Gold slid 23% from its January record of $5,589/oz to around $4,330, prompting Chinese financial institutions to reduce exposure to the precious metal.
"We have reduced our gold ETF holdings and are keeping only some tactical positions," a wealth management official at a major Chinese state-owned bank told China Securities Journal on June 9. "We're watching Fed Chair Kevin Warsh's comments at the upcoming meeting to decide next steps."
China Merchants Bank lowered the top-tier expected annual rate on its 91-day gold-linked structured deposit to 1.63% from 1.78%, according to the bank's product documentation. The product, which requires a minimum deposit of 10,000 yuan, now offers three tiers of 1.0%, 1.43% and 1.63% — down from the previous top rate of 1.78%. Multiple wealth management firms have trimmed gold ETF and gold stock ETF allocations from their "Gold+" product strategies, the report said.
The pullback comes as the Iran conflict stokes inflation and raises the prospect of Fed rate hikes, strengthening the dollar and reducing gold's appeal versus yield-bearing assets. Citi Research cut its three-month price target by $300 to $4,000/oz, though it maintained a $5,000 six-to-12-month target. The metal is trading below its 200-day moving average for the first time in nearly three years, a technical signal that has historically preceded extended consolidation periods, according to Citi.
Central Banks Keep Buying
Despite the near-term selling, central banks continue to accumulate gold. The European Central Bank reported that gold's share of global official reserve assets rose to 27% at the end of 2025, surpassing US Treasuries at 22% for the first time. The shift reflects a broader de-dollarization trend among reserve managers, who have added gold to hedge against currency depreciation and geopolitical risk. BlackRock's Nikhil Mehra, head of multi-asset strategies for Asia-Pacific, said his firm typically allocates 2% to 5% of portfolios to gold, adding that it remains a valuable portfolio diversifier.

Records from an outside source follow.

Definition isolated (x : nat -> Z) : Prop :=
  forall k, (k < d)%nat -> ~ op x k /\ ~ op (upd x k (x k - 1)) k.

Lemma isolated_conn x y : isolated x -> op_conn x y -> y = x.
Proof.
  intros Hiso Hxy; apply clos_rt_rt1n in Hxy.
  destruct Hxy as [|y z [_ [_ [j [Hj [[-> Hop]|[-> Hop]]]]]] _]; [reflexivity| |];
    exfalso; destruct (Hiso j Hj) as [Hup Hdown]; [exact (Hup Hop)|].
  rewrite shift_upd, upd_eq, upd_upd, Z.add_simpl_r, upd_id in Hdown; exact (Hdown Hop).
Qed.

Lemma exists_open_neighbour x : site d x -> ~ isolated x ->
  exists j sg, (j < d)%nat /\ (sg = 1 \/ sg = -1) /\ op_conn x (upd x j (x j + sg)).
Proof.
  intros Hx Hiso.
  assert (Hj : exists j, (j < d)%nat /\ (op x j \/ op (upd x j (x j - 1)) j)).
  { apply NNPP; intro Hno; apply Hiso; intros j Hj; split; intro Hop; apply Hno; eauto. }
  destruct Hj as [j [Hj [Hop|Hop]]].
  - exists j, 1; repeat split; auto. rewrite <- shift_upd; now apply op_conn_shift.
  - exists j, (-1); repeat split; auto. apply op_conn_sym.
    replace (x j + -1) with (x j - 1) by lia.
    generalize (shift_upd_pred x j); set (x' := upd x j (x j - 1)); intro E.
    rewrite <- E; apply op_conn_shift; auto; now apply site_upd.
Qed.

Section Boxes.
Variable b : nat.
Hypothesis hd : (2 <= d)%nat.
Hypothesis hb : (2 * d <= b)%nat.

Definition closed_in (z : nat -> Z) (e : (nat -> Z) * nat) : Prop :=
  inbox d b z (fst e) /\ (snd e < d)%nat /\ ~ op (fst e) (snd e).

Definition few_closed_box (z : nat -> Z) : Prop :=
  forall l, NoDup l -> (forall e, In e l -> closed_in z e) -> (length l <= 3 * d - 1)%nat.

Lemma few_closed_box_count {A : Type} z (l : list A) (P : A -> (nat -> Z) * nat -> Prop) :
  few_closed_box z -> NoDup l -> (forall a, In a l -> exists e, P a e) ->
  (forall a a' e, In a l -> In a' l -> P a e -> P a' e -> a = a') ->
  (forall a e, In a l -> P a e -> closed_in z e) -> (length l <= 3 * d - 1)%nat.
Proof.
  intros Hfew Hl Hex Hinj Hcl.
  destruct (NoDup_witnesses P l Hl Hex Hinj) as [le [Hle [<- Hin]]].
  apply Hfew; auto. intros e He; destruct (Hin e He) as [a [Ha Pa]]; eauto.
Qed.

Definition open_slice (z : nat -> Z) (k : nat) (c : Z) : Prop :=
  forall q k', (k' < d)%nat -> k' <> k -> inbox d b z q -> inbox d b z (shift q k') ->
    q k = c -> op q k'.

Lemma not_open_slice z k c : ~ open_slice z k c ->
  exists e, closed_in z e /\ snd e <> k /\ fst e k = c.
Proof.
  intro H; apply NNPP; intro Hno; apply H; intros q k' Hk' Hne Hq _ Hqk.
  apply NNPP; intro Hop; apply Hno; exists (q, k').
  exact (conj (conj Hq (conj Hk' Hop)) (conj Hne Hqk)).
Qed.

Lemma exists_open_slice z k lo : few_closed_box z ->
  exists c, lo <= c < lo + Z.of_nat (3 * d) /\ open_slice z k c.
Proof.
  intro Hfew; apply NNPP; intro Hno.
  enough (length (seq 0 (3 * d)) <= 3 * d - 1)%nat by (rewrite length_seq in *; lia).
  apply (few_closed_box_count z (seq 0 (3 * d))
    (fun t e => closed_in z e /\ snd e <> k /\ fst e k = lo + Z.of_nat t)); auto using seq_NoDup.
  - intros t Ht; apply in_seq in Ht. apply not_open_slice.
    intro Hs; apply Hno; exists (lo + Z.of_nat t); split; auto; lia.
  - intros t t' e _ _ [_ [_ H]] [_ [_ H']]; lia.
  - intros t e _ [H _]; exact H.
Qed.

Lemma open_slice_conn z k c p q : (k < d)%nat -> open_slice z k c ->
  inbox d b z p -> inbox d b z q -> p k = c -> q k = c -> op_conn p q.
Proof.
  intros Hk Hs Hp Hq Hpk Hqk.
  assert (Hc := proj2 Hp k Hk); rewrite Hpk in Hc.
  set (lo := upd (fun i => z i - Z.of_nat b) k c).
  set (hi := upd (fun i => z i + Z.of_nat b) k c).
  assert (Hrect : forall r, in_rect d lo hi r <-> inbox d b z r /\ r k = c).
  { intro r; rewrite inbox_in_rect; unfold lo, hi; split.
    - intros [Hr Hb]; split; [split; auto|].
      + intros i Hi; specialize (Hb i Hi).
        destruct (Nat.eq_dec i k) as [->|]; [rewrite !upd_eq in Hb | rewrite !upd_neq in Hb];
          auto; lia.
      + specialize (Hb k Hk); rewrite !upd_eq in Hb; lia.
    - intros [[Hr Hb] Hrk]; split; auto; intros i Hi; specialize (Hb i Hi).
      destruct (Nat.eq_dec i k) as [->|]; [rewrite !upd_eq | rewrite !upd_neq]; auto; lia. }
  apply op_conn_rect with lo hi; try (apply Hrect; auto).
  intros r k' Hk' Hr Hr'; apply Hrect in Hr as [Hr Hrk]; apply Hrect in Hr' as [Hr' Hrk'].
  apply Hs; auto. intros ->; unfold shift in Hrk'; rewrite Nat.eqb_refl in Hrk'; lia.
Qed.

Lemma open_slices_cross_conn z k1 k2 c1 c2 p q : (k1 < d)%nat -> (k2 < d)%nat -> k1 <> k2 ->
  open_slice z k1 c1 -> open_slice z k2 c2 ->
  inbox d b z p -> inbox d b z q -> p k1 = c1 -> q k2 = c2 -> op_conn p q.
Proof.
  intros Hk1 Hk2 Hne Hs1 Hs2 Hp Hq Hpk Hqk.
  assert (Hr : inbox d b z (upd p k2 (q k2))) by (apply inbox_upd; auto; apply Hq; auto).
  apply rt_trans with (upd p k2 (q k2)).
  - apply (open_slice_conn z k1 c1); auto. now rewrite upd_neq.
  - apply (open_slice_conn z k2 c2); auto. now rewrite upd_eq.
Qed.

Definition frame (z q : nat -> Z) : Prop :=
  inbox d b z q /\ exists k, (k < d)%nat /\ open_slice z k (q k).

Lemma other_direction k : (k < d)%nat -> exists k', (k' < d)%nat /\ k' <> k.
Proof. intro Hk; destruct k; [exists 1%nat | exists 0%nat]; split; lia. Qed.

Lemma frame_conn z p q : few_closed_box z -> frame z p -> frame z q -> op_conn p q.
Proof.
  intros Hfew [Hp [k1 [Hk1 Hs1]]] [Hq [k2 [Hk2 Hs2]]].
  destruct (Nat.eq_dec k1 k2) as [<-|Hne];
    [|now apply (open_slices_cross_conn z k1 k2 (p k1) (q k2))].
  destruct (other_direction k1 Hk1) as [k3 [Hk3 Hne]].
  destruct (exists_open_slice z k3 (z k3 - Z.of_nat b) Hfew) as [c3 [Hc3 Hs3]].
  assert (Hr : inbox d b z (upd p k3 c3)) by (apply inbox_upd; auto; lia).
  apply rt_trans with (upd p k3 c3).
  - apply (open_slice_conn z k1 (p k1)); auto. now rewrite upd_neq by auto.
  - apply (open_slices_cross_conn z k3 k1 c3 (q k1)); auto. now rewrite upd_eq.
Qed.

Lemma exists_frame z : site d z -> few_closed_box z -> exists q, frame z q.
Proof.
  intros Hz Hfew.
  destruct (exists_open_slice z 0 (z 0%nat - Z.of_nat b) Hfew) as [c [Hc Hs]].
  exists (upd z 0 c); split; [apply inbox_upd; auto using inbox_center; lia|].
  exists 0%nat; split; [lia | now rewrite upd_eq].
Qed.

Lemma frame_conn_shift z k p q : site d z -> (k < d)%nat ->
  few_closed_box z -> few_closed_box (shift z k) ->
  frame z p -> frame (shift z k) q -> op_conn p q.
Proof.
  intros Hz Hk Hfew Hfew' Hp Hq.
  destruct (other_direction k Hk) as [i [Hi Hne]].
  destruct (exists_open_slice z i (z i - Z.of_nat b) Hfew) as [c [Hc Hs]].
  (* [c'] lies in the [k]-range of both boxes. *)
  destruct (exists_open_slice (shift z k) k (z k - Z.of_nat b + 1) Hfew') as [c' [Hc' Hs']].
  set (r := upd (upd z i c) k c').
  assert (Hr : inbox d b z r)
    by (apply inbox_upd; auto; [apply inbox_upd|]; auto using inbox_center; lia).
  assert (Hr' : inbox d b (shift z k) r).
  { split; [apply Hr|]. intros j Hj; unfold r, shift.
    destruct (Nat.eq_dec j k) as [->|]; [rewrite Nat.eqb_refl, upd_eq; lia|].
    rewrite upd_neq by auto. destruct (Nat.eqb_spec j k); [tauto|]. apply Hr in Hj.
    unfold r in Hj; rewrite upd_neq in Hj; auto. }
  apply rt_trans with r.
  - apply (frame_conn z); auto. split; auto. exists i; split; auto.
    unfold r; rewrite upd_neq, upd_eq; auto.
  - apply (frame_conn (shift z k)); auto. split; auto. exists k; split; auto.
    unfold r; rewrite upd_eq; auto.
Qed.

Analysts Split on Near-Term Outlook
Goldman Sachs maintained a $5,400 forecast, while DataTrek's Nicholas Colas and Jessica Rabe said gold "rallied too far, too fast" last year and into early 2026, and will likely underperform stocks over the next six to 12 months. COMEX gold recently traded at $4,333/oz. Over the past 20 years, gold has returned 613%, outpacing the S&P 500's 482% gain, according to Bloomberg data.
This article is for informational purposes only and does not constitute investment advice.